(* For a k-subset S of [t] and s in S, the isolation level of s
   is the largest j <= m such that the dyadic block of size 2^j around s meets
   S only in s.  Phi(S) consists of the dyadic blocks of size 2^(j-2) around
   the points s of S, j their isolation levels.  These are disjoint intervals,
   and since the blocks at the isolation levels are disjoint too, the total
   length is at most (t + 4k)/4 <= t/2.  The randomized system mu is the image
   of the uniform distribution on k-subsets under Phi.

   Choosing a point in each block of Phi(S) moves every point of
   S inside its own block, which changes no isolation level, so the chosen set
   S' satisfies Phi(S') = Phi(S); conversely each such S' arises from exactly
   one choice.  Hence Sets(Phi(S)) is uniform on the fibre of Phi over Phi(S),
   and averaging over fibres gives the uniform distribution on k-subsets.

   Value.  t * val(Phi(S)) = sum_s 2^(m - j(s) + 2), and 2^(m - j(s)) is
   bounded by the numbers of neighbours of s in S at the levels above j(s),
   weighted geometrically.  Counting pairs of points in common dyadic blocks
   by symmetry gives E[t * val] <= 8 k^2 m. *)

Lemma divn_pow2_le x a b : a <= b -> x %/ 2 ^ b = (x %/ 2 ^ a) %/ 2 ^ (b - a).
Proof. by move=> le_ab; rewrite -divnMA -expnD subnKC. Qed.

Lemma same_block_up x y a b :
  a <= b -> x %/ 2 ^ a = y %/ 2 ^ a -> x %/ 2 ^ b = y %/ 2 ^ b.
Proof. by move=> le_ab e; rewrite (divn_pow2_le x le_ab) (divn_pow2_le y le_ab) e. Qed.

Lemma same_block_transfer x y x' y' a :
  x %/ 2 ^ a = x' %/ 2 ^ a -> y %/ 2 ^ a = y' %/ 2 ^ a -> x %/ 2 ^ a != y %/ 2 ^ a ->
  forall j, (x %/ 2 ^ j == y %/ 2 ^ j) = (x' %/ 2 ^ j == y' %/ 2 ^ j).
Proof.
move=> ex ey sep_xy j; case: (leqP j a) => [le_ja | /ltnW le_aj].
  apply/idP/idP => /eqP e; have := same_block_up le_ja e; [|rewrite -ex -ey];
    by move=> e'; rewrite e' eqxx in sep_xy.
by rewrite (divn_pow2_le x le_aj) (divn_pow2_le y le_aj) (divn_pow2_le x' le_aj)
  (divn_pow2_le y' le_aj) ex ey.
Qed.

Section DyadicSystem.
Variable m : nat.
Implicit Types (S : {set 'I_(2 ^ m)}) (s u v x : 'I_(2 ^ m)).

Definition dyadic_block (j : nat) s : {set 'I_(2 ^ m)} :=
  [set x : 'I_(2 ^ m) | x %/ 2 ^ j == s %/ 2 ^ j].

Definition isolated S u j : bool :=
  [forall v in S, (v != u) ==> (v %/ 2 ^ j != u %/ 2 ^ j)].

(* The largest level j <= m at which u is isolated in S (level 0 always is). *)
Definition isolation_level S u : nat :=
  @nat_of_ord m.+1 [arg max_(j > ord0 | isolated S u j) (j : nat)].

Definition block_level S u : nat := (isolation_level S u - 2)%N.

Definition dyadic_system S : {set {set 'I_(2 ^ m)}} :=
  [set dyadic_block (block_level S s) s | s in S].

Lemma block_in_dyadic_system S s :
  s \in S -> dyadic_block (block_level S s) s \in dyadic_system S.
Proof. exact: imset_f. Qed.

Lemma mem_dyadic_block j s x : (x \in dyadic_block j s) = (x %/ 2 ^ j == s %/ 2 ^ j).
Proof. by rewrite inE. Qed.

Lemma dyadic_block_self j s : s \in dyadic_block j s.
Proof. by rewrite mem_dyadic_block. Qed.

(* Below level m, the block at level j is {q 2^j, ..., q 2^j + 2^j - 1}. *)
Lemma card_dyadic_block j s : j <= m -> #|dyadic_block j s| = 2 ^ j.
Proof.
move=> le_jm; set q := s %/ 2 ^ j.
have pos : 0 < 2 ^ j by rewrite expn_gt0.
have fits : q * 2 ^ j + 2 ^ j <= 2 ^ m.
  have e : 2 ^ m = 2 ^ (m - j) * 2 ^ j by rewrite -expnD subnK.
  have : q < 2 ^ (m - j) by rewrite ltn_divLR // -e.
  by rewrite e -mulSnr => h; apply: leq_mul h (leqnn _).
pose g (i : 'I_(2 ^ j)) : 'I_(2 ^ m) := insubd s (q * 2 ^ j + i).
have val_g (i : 'I_(2 ^ j)) : val (g i) = q * 2 ^ j + i.
  by rewrite /g val_insubd ifT //; apply: leq_trans fits; rewrite ltn_add2l.
have -> : dyadic_block j s = g @: [set: 'I_(2 ^ j)].
  apply/setP => x; rewrite mem_dyadic_block; apply/idP/imsetP => [/eqP e|[i _ ->]].
    have lt_r : x %% 2 ^ j < 2 ^ j by rewrite ltn_pmod.
    exists (Ordinal lt_r) => //; apply: val_inj.
    by rewrite val_g /= {1}(divn_eq x (2 ^ j)) e.
  by rewrite val_g divnMDl // divn_small // addn0.
rewrite card_imset ?cardsT ?card_ord // => i i' /(congr1 val).
by rewrite !val_g => /addnI /val_inj.
Qed.

(* Dyadic blocks are intervals, since x |-> x %/ 2^j is monotone. *)
Lemma dyadic_block_interval j s : is_interval (dyadic_block j s).
Proof.
apply/andP; split; first by apply/set0Pn; exists s; apply: dyadic_block_self.
apply/forallP => x; apply/forallP => y; apply/forallP => z; apply/implyP.
case/and4P; rewrite !mem_dyadic_block => /eqP ex /eqP ez le_xy le_yz.
have := leq_div2r (2 ^ j) le_xy; have := leq_div2r (2 ^ j) le_yz.
by rewrite ex ez eqn_leq => -> ->.
Qed.

(* Blocks of level 0 are singletons, so every point is isolated at level 0. *)
Lemma isolated0 S u : isolated S u 0.
Proof. by apply/forall_inP => v _; rewrite expn0 !divn1; apply/implyP. Qed.

Lemma isolated_down S u i j : i <= j -> isolated S u j -> isolated S u i.
Proof.
move=> le_ij /forall_inP iso; apply/forall_inP => v vS; apply/implyP => ne.
apply: contra (implyP (iso v vS) ne) => /eqP e; apply/eqP; exact: same_block_up e.
Qed.

Lemma isolatedP S u j v :
  isolated S u j -> v \in S -> v != u -> v %/ 2 ^ j != u %/ 2 ^ j.
Proof. by move=> /forall_inP iso vS ne; apply: implyP (iso v vS) ne. Qed.

Lemma isolation_levelP S u :
  [/\ isolation_level S u <= m, isolated S u (isolation_level S u)
    & forall j, j <= m -> isolated S u j -> j <= isolation_level S u].
Proof.
rewrite /isolation_level; case: arg_maxnP; first exact: isolated0.
move=> i iso_i max_i; split => //; first by rewrite -ltnS.
by move=> j le_jm iso_j; apply: (max_i (Ordinal (le_jm : j < m.+1))).
Qed.

Lemma block_level_le S u : block_level S u <= isolation_level S u.
Proof. exact: leq_subr. Qed.

Lemma block_level_le_m S u : block_level S u <= m.
Proof. by case: (isolation_levelP S u) => le_m _ _; apply: leq_trans (block_level_le S u) le_m. Qed.

Lemma dyadic_block_other S s s' j : s \in S -> s' \in S -> s' != s ->
  j <= isolation_level S s -> s' \notin dyadic_block j s.
Proof.
move=> sS s'S ne le_j; rewrite mem_dyadic_block; case: (isolation_levelP S s) => _ iso _.
exact: isolatedP (isolated_down le_j iso) s'S ne.
Qed.

Lemma setI_dyadic_block S s : s \in S -> S :&: dyadic_block (block_level S s) s = [set s].
Proof.
move=> sS; apply/setP => x; rewrite !inE; apply/andP/eqP => [[xS xb]|->].
  apply/eqP; apply: contraTT xb => ne.
  by have := dyadic_block_other sS xS ne (block_level_le S s); rewrite inE.
by rewrite sS eqxx.
Qed.
Definition pos_comb (Delta : seq V) (b : V) : Prop :=
  exists c : 'I_(size Delta) -> nat, b = \sum_(i < size Delta) (c i)%:R *: Delta`_i.

Definition root_basis (Phi Delta : seq V) : Prop :=
  [/\ {subset Delta <= Phi}, free Delta
    & forall b, b \in Phi -> pos_comb Delta b \/ pos_comb Delta (- b)].

Definition posroot (Phi Delta : seq V) (b : V) : Prop :=
  b \in Phi /\ pos_comb Delta b.

Definition posind (Phi Delta : seq V) (b : V) : R :=
  if excluded_middle_informative (posroot Phi Delta b) then 1 else 0.

(* the Weyl group: matrices of products of reflections s_a, a in Phi
   (w acts on v by v |-> v *m w; the composite s_a o w has matrix w *m refl a) *)
Inductive inW (Phi : seq V) : 'M[R]_n -> Prop :=
  | inW1 : inW Phi 1%:M
  | inWr : forall w a, inW Phi w -> a \in Phi -> inW Phi (w *m refl a).

(* connectedness for the decomposition into irreducible components:
   reflexive-transitive closure of non-orthogonality on Phi *)
Inductive conn (Phi : seq V) : V -> V -> Prop :=
  | conn_refl : forall a, conn Phi a a
  | conn_step : forall a b c, conn Phi a b -> b \in Phi -> c \in Phi ->
                  dot b c != 0 -> conn Phi a c.

Definition highest_root (Phi Delta : seq V) (theta : V) : Prop :=
  theta \in Phi /\
  forall b, b \in Phi -> conn Phi theta b -> pos_comb Delta (theta - b).

Definition simple_affine (Phi Delta : seq V) (a : V) (k : int) : Prop :=
  (a \in Delta /\ k = 0) \/ (k = 1 /\ highest_root Phi Delta (- a)).

(* X_* : zmodType X with coroot embedding cv and pairing pr : X -> V -> R,
   additive in X and R-linear in V (the R-linear extension of the
   Z-bilinear pairing X_* x ZPhi -> Z), integral on roots, extending the
   coroot-root pairing; cv extends to a group morphism Z Phi^vee -> X *)
Definition cochar_datum (Phi : seq V) (X : zmodType) (cv : V -> X)
    (pr : X -> V -> R) : Prop :=
  [/\ (forall mu nu v, pr (mu + nu) v = pr mu v + pr nu v),
      (forall mu (c : R) u v, pr mu (c *: u + v) = c * pr mu u + pr mu v),
      (forall mu b, b \in Phi -> exists z : int, pr mu b = z%:~R),
      (forall a b, a \in Phi -> b \in Phi -> pr (cv a) b = cartan b a)
    & (forall c : 'I_(size Phi) -> int,
         \sum_(i < size Phi) coroot Phi`_i *~ c i = 0 ->
         \sum_(i < size Phi) cv Phi`_i *~ c i = 0)].

(* l(x, b) for x = w eps^mu *)
Definition ell (Phi Delta : seq V) (X : zmodType) (pr : X -> V -> R)
    (w : 'M[R]_n) (mu : X) (b : V) : R :=
  pr mu b + posind Phi Delta b - posind Phi Delta (b *m w).

Definition LP (Phi Delta : seq V) (X : zmodType) (pr : X -> V -> R)
    (w : 'M[R]_n) (mu : X) (v : 'M[R]_n) : Prop :=
  inW Phi v /\
  forall b, posroot Phi Delta b -> 0 <= ell Phi Delta pr w mu (b *m v).

End RootSystems.

(* Roots act on the right: [b *m v] is v(b) and [v *m refl a] is s_a v.
   Let b > 0 and g := v(b).  If v^-1(s_a g) > 0 then ell(x, s_a g) >= 0
   because v is length positive.  Otherwise, since v^-1 a > 0, the integer
   m := <g, a^vee> is positive and h := m a - g = - s_a g is the image under v
   of a positive root, so ell(x, h) >= 0.  As <mu, .> is linear and
   ell(x, a) = 0, ell(x, g) + ell(x, h) only involves the indicators Phi^+;
   a sign analysis shows it is <= 0, using that a multiple of a simple root a
   is a sum of two positive roots only as a + a, resp. that the highest root
   theta satisfies theta >= c for every root c not orthogonal to it.  Hence
   ell(x, s_a g) = - ell(x, h) >= ell(x, g) >= 0. *)

From Pilot Require Import Defs.
From HB Require Import structures.
From mathcomp Require Import all_boot all_order all_algebra.
From mathcomp Require Import ring lra.
From Stdlib Require Import ClassicalDescription.
Import Order.TTheory GRing.Theory Num.Theory.
Local Open Scope ring_scope.
Set Implicit Arguments. Unset Strict Implicit.

Section Euclidean.
Variables (R : realFieldType) (n : nat).
Implicit Types (a b u v : 'rV[R]_n).

Lemma dotC u v : dot u v = dot v u.
Proof. by rewrite /dot -[u *m v^T]trmxK trmx_mul trmxK [in LHS]mxE. Qed.

Lemma dotNl u v : dot (- u) v = - dot u v.
Proof. by rewrite /dot mulNmx mxE. Qed.

Lemma dotBl u v b : dot (u - b) v = dot u v - dot b v.
Proof. by rewrite /dot mulmxBl !mxE. Qed.

Lemma dotZl c u v : dot (c *: u) v = c * dot u v.
Proof. by rewrite /dot -scalemxAl mxE. Qed.

Lemma dotrr_neq0 b : b != 0 -> dot b b != 0.
Proof.
apply: contra_neq; rewrite /dot mxE => bb0; apply/rowP => j; rewrite mxE.
have sq_ge0 i : true -> 0 <= b 0 i * b^T i 0 by rewrite mxE -expr2 sqr_ge0.
by have /eqP := @psumr_eq0P _ _ _ _ sq_ge0 bb0 j isT; rewrite mxE -expr2 sqrf_eq0 => /eqP.
Qed.

Lemma mul_refl a b : b *m refl a = b - cartan b a *: a.
Proof.
rewrite /refl mulmxBr mulmx1 -scalemxAr mulmxA [b *m a^T]mx11_scalar.
by rewrite mul_scalar_mx scalerA /cartan /dot mulrAC.
Qed.

Lemma dot_refl a b : a != 0 -> dot (b *m refl a) a = - dot b a.
Proof.
by move=> a0; rewrite mul_refl dotBl dotZl /cartan mulfVK ?dotrr_neq0 //; ring.
Qed.

Lemma cartan_refl a b : a != 0 -> cartan (b *m refl a) a = - cartan b a.
Proof. by move=> a0; rewrite /cartan dot_refl // mulrN mulNr. Qed.

Lemma mul_reflK a : a != 0 -> refl a *m refl a = 1%:M.
Proof.
move=> a0; apply/row_matrixP => i; rewrite row_mul.
have -> : row i (refl a) = row i 1%:M *m refl a by rewrite -row_mul mul1mx.
by rewrite [LHS]mul_refl cartan_refl // mul_refl scaleNr opprK subrK.
Qed.

End Euclidean.

Section PositiveCombinations.
Variables (R : realFieldType) (n : nat) (Delta : seq 'rV[R]_n).
Implicit Types (a x y : 'rV[R]_n).
Local Notation pos := (pos_comb Delta).

Lemma pos_combD x y : pos x -> pos y -> pos (x + y).
Proof.
move=> [c ->] [d ->]; exists (fun i => (c i + d i)%N).
by rewrite -big_split; apply: eq_bigr => i _; rewrite natrD scalerDl.
Qed.

Lemma pos_combZn (m : nat) x : pos x -> pos (m%:R *: x).
Proof.
move=> [c ->]; exists (fun i => (m * c i)%N).
by rewrite scaler_sumr; apply: eq_bigr => i _; rewrite natrM scalerA.
Qed.

Lemma pos_comb_mem a : a \in Delta -> pos a.
Proof.
move=> aD; pose j := Ordinal (etrans (index_mem a Delta) aD).
exists (fun i => (i == j : nat)); rewrite (bigD1 j) //= eqxx scale1r nth_index //.
by rewrite big1 ?addr0 // => i /negbTE ->; rewrite scale0r.
Qed.

Hypothesis Delta_free : free Delta.

Lemma pos_comb_add_eq0 x y : pos x -> pos y -> x + y = 0 -> x = 0.
Proof.
move=> [c Dx] [d Dy] xy0.
have /freeP Dfree : free (in_tuple Delta) by [].
have cd0 : forall i, (c i + d i)%:R = 0 :> R.
  apply: Dfree; under eq_bigr do rewrite natrD scalerDl.
  by rewrite big_split /= -Dx -Dy.
rewrite Dx big1 // => i _; move/eqP: (cd0 i).
by rewrite pnatr_eq0 addn_eq0 => /andP[/eqP -> _]; rewrite scale0r.
Qed.

Lemma pos_comb_anti x : pos x -> pos (- x) -> x = 0.
Proof. by move=> px pNx; apply: pos_comb_add_eq0 px pNx _; rewrite subrr. Qed.

Lemma pos_comb_add_simple a x y (m : nat) : a \in Delta ->
  pos x -> pos y -> x + y = m%:R *: a -> exists c : nat, x = c%:R *: a.
Proof.
move=> aD [c Dx] [d Dy] xy_ma; pose j := Ordinal (etrans (index_mem a Delta) aD).
have Dj : Delta`_j = a := nth_index 0 aD.
have /freeP Dfree : free (in_tuple Delta) by [].
have cd_eq : forall i, (c i + d i)%:R - (i == j)%:R * m%:R = 0 :> R.
  apply: Dfree; under eq_bigr do rewrite scalerBl natrD scalerDl.
  rewrite sumrB big_split /= -Dx -Dy xy_ma (bigD1 j) //= eqxx mul1r Dj big1 ?addr0 ?subrr //.
  by move=> i /negbTE ->; rewrite mul0r scale0r.
exists (c j); rewrite Dx (bigD1 j) //= Dj big1 ?addr0 // => i /negbTE ij.
move/eqP: (cd_eq i); rewrite ij mul0r subr0 pnatr_eq0 addn_eq0 => /andP[/eqP -> _].
by rewrite scale0r.
Qed.

Lemma pos_comb_subz_gt0 x y (z : int) : pos x -> pos y ->
  pos (- (x - z%:~R *: y)) -> x - z%:~R *: y != 0 -> 0 < z.
Proof.
move=> px py pN xy0; rewrite ltNge; apply/negP => z_le0.
have [m zm] : exists m : nat, z = - m%:Z by exists `|z|%N; rewrite lez0_abs ?opprK.
move: pN xy0; rewrite zm mulrNz scaleNr opprK => pN /eqP; apply.
exact: (pos_comb_anti (pos_combD px (pos_combZn m py)) pN).
Qed.

End PositiveCombinations.

Section RootSystem.
Variables (R : realFieldType) (n : nat) (Phi Delta : seq 'rV[R]_n).
Hypotheses (Phi_root : root_system Phi) (Delta_basis : root_basis Phi Delta).
Implicit Types (a b x y z : 'rV[R]_n) (u w : 'M[R]_n).
Local Notation pos := (pos_comb Delta).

· · ·

**WHAT TO DO**
In the records above, find the line with "Hence Sets(Phi(S)) is"; write out exactly that line and each one after it, stopping after the line with "2^(m - j(s)) is".

**TASK OUTPUT**
   one choice.  Hence Sets(Phi(S)) is uniform on the fibre of Phi over Phi(S),
   and averaging over fibres gives the uniform distribution on k-subsets.

   Value.  t * val(Phi(S)) = sum_s 2^(m - j(s) + 2), and 2^(m - j(s)) is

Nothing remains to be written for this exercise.